Winter 2026 Seminar Series
Department of Statistics and Data Science 2025-2026 Seminar Series - Winter 2026
The 2025-2026 Seminar Series will primarily be in person, but some talks will be offered virtually using Zoom. Talks that are virtual will be clearly designated and registration for the Zoom talks will be required to receive the zoom link for the event. Please email Kisa Kowal at k-kowal@northwestern.edu if you have questions.
Seminar Series talks are free and open to faculty, graduate students, and advanced undergraduate students
TBA
Friday, January 23, 2026
Time: 11:00 a.m. to 12:00 p.m. central time
Location: Ruan Conference Room – lower level (Chambers Hall 600 Foster Street)
Speaker: Dawei Zhou, Assistant Professor, Department of Computer Science, Virginia Tech
Abstract: TBA
This talk will be given in person on Northwestern's Evanston campus.
TBA
Friday, January 30, 2026
Time: 11:00 a.m. to 12:00 p.m. central time
Location: Ruan Conference Room – lower level (Chambers Hall 600 Foster Street)
Speaker: TBA
Abstract: TBA
This talk will be given in person on Northwestern's Evanston campus.
TBA
Friday, February 6, 2026
Time: 11:00 a.m. to 12:00 p.m. central time
Location: Ruan Conference Room – lower level (Chambers Hall 600 Foster Street)
Speaker: TBA
Abstract: TBA
This talk will be given in person on Northwestern's Evanston campus.
TBA
Friday, February 13, 2026
Time: 11:00 a.m. to 12:00 p.m. central time
Location: Ruan Conference Room – lower level (Chambers Hall 600 Foster Street)
Speaker: TBA
Abstract: TBA
This talk will be given in person on Northwestern's Evanston campus.
Deep Survival Learning for Kidney Transplantation: Knowledge Distillation and Data Integration
Friday, February 20, 2026
Time: 11:00 a.m. to 12:00 p.m. central time
Location: Ruan Conference Room – lower level (Chambers Hall 600 Foster Street)
Speaker: Kevin He, Associate Professor of Biostatistics and Associate Director of the Kidney Epidemiology and Cost Center (KECC), University of Michigan
Abstract: Prognostic prediction using survival analysis faces challenges due to complex relationships between risk factors and time-to-event outcomes. Deep learning methods have shown promise in addressing these challenges, but their effectiveness often relies on large datasets.
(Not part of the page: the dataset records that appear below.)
Lemma is_distr_pow_coef c j : is_distr c -> is_distr (pow_coef c j).
Proof.
  intros Hd. split; [intros; apply pow_coef_nonneg, Hd|].
  pose proof (is_series_pow_coef c j 1 Hd ltac:(lra)) as H.
  rewrite pgf_1, pow1 in H by exact Hd.
  refine (is_series_ext _ _ _ _ H). intros k. simpl. rewrite pow1. ring.
Qed.

Lemma ex_series_comp_coef a c k : is_distr a -> is_distr c ->
  ex_series (fun j => a j * pow_coef c j k).
Proof.
  intros Ha Hc. apply (ex_series_le_nonneg _ a); [|exists 1; apply Ha].
  intros j. pose proof (is_distr_le1 _ k (is_distr_pow_coef c j Hc)). pose proof (proj1 Ha j).
  split; nra.
Qed.

Lemma is_series_comp_coef a c t : is_distr a -> is_distr c -> 0 <= t <= 1 ->
  is_series (fun k => comp_coef a c k * t ^ k) (pgf a (pgf c t)).
Proof.
  intros Ha Hc Ht.
  pose proof (is_series_swap_nonneg (fun j k => a j * (pow_coef c j k * t ^ k))
    (fun j => a j * pgf c t ^ j) (pgf a (pgf c t))) as H.
  refine (is_series_ext _ _ _ _ (H _ _ _)).
  - intros k. unfold comp_coef. rewrite <- Series_scal_r. apply Series_ext. intros j. ring.
  - intros j k. apply Rmult_le_pos; [apply Ha|].
    apply Rmult_le_pos; [apply pow_coef_nonneg, Hc|apply pow_le; lra].
  - intros j. apply (is_series_Rmult_l (a j) (fun k => pow_coef c j k * t ^ k)).
    now apply is_series_pow_coef.
  - now apply pgf_is_series, pgf_bounds.
Qed.

Lemma pgf_comp_coef a c t : is_distr a -> is_distr c -> 0 <= t <= 1 ->
  pgf (comp_coef a c) t = pgf a (pgf c t).
Proof. intros Ha Hc Ht. now apply is_series_unique, is_series_comp_coef. Qed.

Lemma is_distr_comp_coef a c : is_distr a -> is_distr c -> is_distr (comp_coef a c).
Proof.
  intros Ha Hc. split.
  - intros k. apply (is_series_nonneg (fun j => a j * pow_coef c j k)).
    + intros j. apply Rmult_le_pos; [apply Ha|apply pow_coef_nonneg, Hc].
    + now apply Series_correct, ex_series_comp_coef.
  - pose proof (is_series_comp_coef a c 1 Ha Hc ltac:(lra)) as H.
    rewrite !pgf_1 in H by assumption.
    refine (is_series_ext _ _ _ _ H). intros k. simpl. rewrite pow1. ring.
Qed.

Lemma comp_coef_0 a c : comp_coef a c 0 = pgf a (c 0%nat).
Proof. apply Series_ext. intros j. now rewrite pow_coef_0. Qed.

Lemma eq0_of_Rabs_le_lin x K : (forall t, 0 < t <= / 2 -> Rabs x <= K * t) -> x = 0.
Proof.
  intros H. destruct (Req_dec x 0) as [|Hx]; [assumption|exfalso].
  assert (Hpos : 0 < Rabs x) by now apply Rabs_pos_lt.
  assert (HK : 0 < K) by (specialize (H (/ 2) ltac:(lra)); nra).
  set (t := Rmin (/ 2) (Rabs x / (2 * K))).
  assert (Ht : 0 < t <= / 2).
  { split; [apply Rmin_pos; [lra|apply Rdiv_lt_0_compat; lra]|apply Rmin_l]. }
  assert (Hle : K * t <= K * (Rabs x / (2 * K))) by (apply Rmult_le_compat_l; [lra|apply Rmin_r]).
  replace (K * (Rabs x / (2 * K))) with (Rabs x / 2) in Hle by (field; lra).
  specialize (H t Ht). lra.
Qed.

Lemma ex_series_Rabs_bounded_pow (w : nat -> R) M t :
  (forall k, Rabs (w k) <= M) -> 0 <= t < 1 -> ex_series (fun k => Rabs (w k * t ^ k)).
Proof.
  intros HM Ht. apply (ex_series_le_nonneg _ (fun k => M * t ^ k)).
  - intros k. split; [apply Rabs_pos|]. rewrite Rabs_mult, (Rabs_pos_eq (t ^ k)) by (apply pow_le; lra).
    apply Rmult_le_compat_r; [apply pow_le; lra|apply HM].
  - exists (M * / (1 - t)). apply (is_series_Rmult_l M (fun k => t ^ k)).
    apply is_series_geom. rewrite Rabs_pos_eq; lra.
Qed.

(* If [w] vanishes below [m], then [w m t^m] equals minus the tail of the series, which is
   [O(t^(m+1))]. *)
Lemma power_series_lowest_coef_le (w : nat -> R) M m t :
  (forall k, Rabs (w k) <= M) -> (forall i, (i < m)%nat -> w i = 0) -> 0 < t < 1 ->
  Series (fun k => w k * t ^ k) = 0 -> Rabs (w m) * (1 - t) <= M * t.
Proof.
  intros HM Hlow Ht H0.
  set (T := Series (fun k => w (S m + k)%nat * t ^ (S m + k))).
  assert (HwT : w m * t ^ m = - T).
  { pose proof (ex_series_Rabs_bounded_pow w M t HM ltac:(lra)) as Habs.
    rewrite (Series_incr_n _ (S m) ltac:(lia) (ex_series_Rabs _ Habs)) in H0.
    simpl pred in H0. fold T in H0. destruct m as [|m]; simpl in H0 |- *; [lra|].
    rewrite (sum_eq _ (fun _ => 0)) in H0 by (intros i Hi; rewrite Hlow by lia; ring).
    rewrite sum_cte in H0. lra. }
  assert (HT : Rabs T <= M * t ^ S m / (1 - t)).
  { assert (Hbound : forall k, 0 <= Rabs (w (S m + k)%nat * t ^ (S m + k)) <= M * t ^ S m * t ^ k).
    { intros k. split; [apply Rabs_pos|].
      rewrite Rabs_mult, (Rabs_pos_eq (t ^ _)), pow_add by (apply pow_le; lra).
      rewrite Rmult_assoc. apply Rmult_le_compat_r; [apply Rmult_le_pos; apply pow_le; lra|apply HM]. }
    assert (Hgeom : ex_series (fun k => M * t ^ S m * t ^ k)).
    { exists (M * t ^ S m * / (1 - t)). apply (is_series_Rmult_l (M * t ^ S m) (fun k => t ^ k)).
      apply is_series_geom. rewrite Rabs_pos_eq; lra. }
    unfold T. eapply Rle_trans; [apply Series_Rabs, (ex_series_le_nonneg _ _ Hbound Hgeom)|].
    eapply Rle_trans; [apply (Series_le _ _ Hbound Hgeom)|].
    rewrite Series_scal_l, Series_geom by (rewrite Rabs_pos_eq; lra). right. field. lra. }
  assert (Htm : 0 < t ^ m) by (apply pow_lt; lra).
  rewrite <- Rabs_Ropp, <- HwT, Rabs_mult, (Rabs_pos_eq (t ^ m)) in HT by lra.
  simpl in HT. apply (Rmult_le_reg_r (t ^ m / (1 - t))); [apply Rdiv_lt_0_compat; lra|].
  replace (Rabs (w m) * (1 - t) * (t ^ m / (1 - t))) with (Rabs (w m) * t ^ m) by (field; lra).
  replace (M * t * (t ^ m / (1 - t))) with (M * (t * t ^ m) / (1 - t)) by (field; lra).
  exact HT.
Qed.

Lemma power_series_eq0 (w : nat -> R) M : (forall k, Rabs (w k) <= M) ->
  (forall t, 0 < t < 1 -> Series (fun k => w k * t ^ k) = 0) -> forall k, w k = 0.
Proof.
  intros HM H0 k. induction k as [k IH] using (well_founded_induction Wf_nat.lt_wf).
  apply (eq0_of_Rabs_le_lin _ (2 * M)). intros t Ht.
  pose proof (power_series_lowest_coef_le w M k t HM IH ltac:(lra) (H0 t ltac:(lra))).
  pose proof (Rabs_pos (w k)). nra.
Qed.

Lemma distr_eq_of_pgf u v : is_distr u -> is_distr v ->
  (forall t, 0 < t < 1 -> pgf u t = pgf v t) -> forall k, u k = v k.
Proof.
  intros Hu Hv Huv k. cut (u k - v k = 0); [lra|].
  apply (power_series_eq0 (fun k => u k - v k) 2).
  - intros i. pose proof (is_distr_le1 u i Hu). pose proof (is_distr_le1 v i Hv).
    apply Rabs_le. lra.
  - intros t Ht.
    rewrite (Series_ext _ (fun k => u k * t ^ k - v k * t ^ k)) by (intros; ring).
    rewrite Series_minus by (eexists; apply pgf_is_series; auto; lra).
    fold (pgf u t) (pgf v t). rewrite Huv by exact Ht. ring.
Qed.

Lemma pgf_dirac m t : pgf (dirac m) t = t ^ m.
Proof.
  apply is_series_unique. rewrite <- (Rmult_1_l (t ^ m)).
  refine (is_series_ext _ _ _ _ (is_series_dirac_pow m 1 t)). intros k. simpl. ring.
Qed.

Lemma pgf_pow_coef c j t : is_distr c -> 0 <= t <= 1 -> pgf (pow_coef c j) t = pgf c t ^ j.
Proof. intros Hc Ht. now apply is_series_unique, is_series_pow_coef. Qed.

Lemma is_distr_conv f g : is_distr f -> is_distr g -> is_distr (conv f g).
Proof.
  intros Hf Hg. split; [intros k; apply conv_nonneg; [apply Hf|apply Hg]|].
  pose proof (is_series_conv f g _ _ 1 (proj1 Hf) (proj1 Hg) ltac:(lra)
    (pgf_is_series f 1 Hf ltac:(lra)) (pgf_is_series g 1 Hg ltac:(lra))) as H.
  rewrite !pgf_1, Rmult_1_l in H by assumption.
  refine (is_series_ext _ _ _ _ H). intros k. simpl. rewrite pow1. ring.
Qed.

Lemma pgf_conv f g t : is_distr f -> is_distr g -> 0 <= t <= 1 -> pgf (conv f g) t = pgf f t * pgf g t.
Proof.
  intros Hf Hg Ht.
  apply is_series_unique, is_series_conv; [apply Hf|apply Hg|lra|apply pgf_is_series; auto..].
Qed.

Lemma pow_coef_dirac m l k : pow_coef (dirac m) l k = dirac (m * l) k.
Proof.
  revert k. apply distr_eq_of_pgf; [apply is_distr_pow_coef, is_distr_dirac|apply is_distr_dirac|].
  intros t Ht. rewrite pgf_pow_coef, !pgf_dirac by (auto using is_distr_dirac; lra).
  now rewrite pow_mult.
Qed.

Lemma conv_dirac p q k : conv (dirac p) (dirac q) k = dirac (p + q) k.
Proof.
  revert k. apply distr_eq_of_pgf; [apply is_distr_conv; apply is_distr_dirac|apply is_distr_dirac|].
  intros t Ht. rewrite pgf_conv, !pgf_dirac by (auto using is_distr_dirac; lra).
  now rewrite pow_add.
Qed.

(** * Monotonicity of the iterates *)

Lemma is_distr_piter a n : is_distr a -> is_distr (piter a n).
Proof. intros Ha. induction n as [|n IH]; [exact Ha|]. now apply is_distr_comp_coef. Qed.

Lemma pgf_piter a n t : is_distr a -> 0 <= t <= 1 -> pgf (piter a n) t = Nat.iter (S n) (pgf a) t.
Proof.
  intros Ha Ht. induction n as [|n IH]; [reflexivity|].
  simpl piter. rewrite pgf_comp_coef, IH by auto using is_distr_piter. reflexivity.
Qed.

Lemma iter_pgf_bounds a m t : is_distr a -> 0 <= t <= 1 -> 0 <= Nat.iter m (pgf a) t <= 1.
Proof. intros Ha Ht. apply Nat.iter_invariant; [|exact Ht]. intros x Hx. now apply pgf_bounds. Qed.

(* By definition [p^[n+2] = p o p^[n+1]]; the other association follows from uniqueness of
   generating functions. *)
Lemma piter_S_comp_coef a n k : is_distr a -> piter a (S n) k = comp_coef (piter a n) a k.
Proof.
  intros Ha. pose proof (is_distr_piter a n Ha) as Hc.
  apply distr_eq_of_pgf; [now apply is_distr_piter|now apply is_distr_comp_coef|].
  intros t Ht. assert (0 <= pgf a t <= 1) by (apply pgf_bounds; auto; lra).
  rewrite pgf_comp_coef, !pgf_piter by (auto; lra).
  now rewrite Nat.iter_succ_r.
Qed.

Lemma piter_S_coef0 a n : piter a (S n) 0%nat = pgf a (piter a n 0%nat).
Proof. apply comp_coef_0. Qed.

Lemma piter_coef0_le_succ a n : is_distr a -> piter a n 0%nat <= piter a (S n) 0%nat.
Proof.
  intros Ha. induction n as [|n IH].
  - rewrite piter_S_coef0. apply pgf_ge_coef0; [exact Ha|apply is_distr_le1, Ha].
  - rewrite (piter_S_coef0 a (S n)), (piter_S_coef0 a n) at 1.
    pose proof (is_distr_le1 _ 0 (is_distr_piter a n Ha)).
    pose proof (is_distr_le1 _ 0 (is_distr_piter a (S n) Ha)).
    apply pgf_le; [exact Ha|lra|lra].
Qed.

Lemma piter_coef0_lt1 a n : is_distr a -> a 0%nat < 1 -> piter a n 0%nat < 1.
Proof.
  intros Ha Ha0. induction n as [|n IH]; [exact Ha0|].
  pose proof (is_distr_le1 _ 0 (is_distr_piter a n Ha)).
  rewrite piter_S_coef0. eapply Rle_lt_trans; [apply pgf_le_chord; auto; lra|].
  nra.
Qed.

Lemma Sup_seq_le_bound (u : nat -> R) M :
  (forall k, u k <= M) -> Rbar_le (Sup_seq (fun k => Finite (u k))) (Finite M).
Proof.
  intros H. apply (is_sup_seq_lub _ _ (Sup_seq_correct _)). intros x [k ->]. apply H.
Qed.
However, when applied to moderate- or small-sized datasets, deep models frequently encounter limitations such as insufficient training data, overfitting, and difficulty in hyperparameter optimization. To mitigate these issues and enhance prognostic performance, this talk presents a flexible deep learning framework that integrates external risk scores with internal time-to-event data through a generalized Kullback–Leibler divergence regularization term. Applied to the national kidney transplant data, the proposed method demonstrates improved prediction of short-term mortality and graft failure following kidney transplantation by distilling and transferring prior knowledge from pre-policy-change teacher models to newly arrived post-policy-change cohorts.
This talk will be given in person on Northwestern's Evanston campus.
planitpurple.northwestern.edu/event/636129
What functions does XGBoost learn?
Friday, February 27, 2026
Time: 11:00 a.m. to 12:00 p.m. central time
Location: Ruan Conference Room – lower level (Chambers Hall 600 Foster Street)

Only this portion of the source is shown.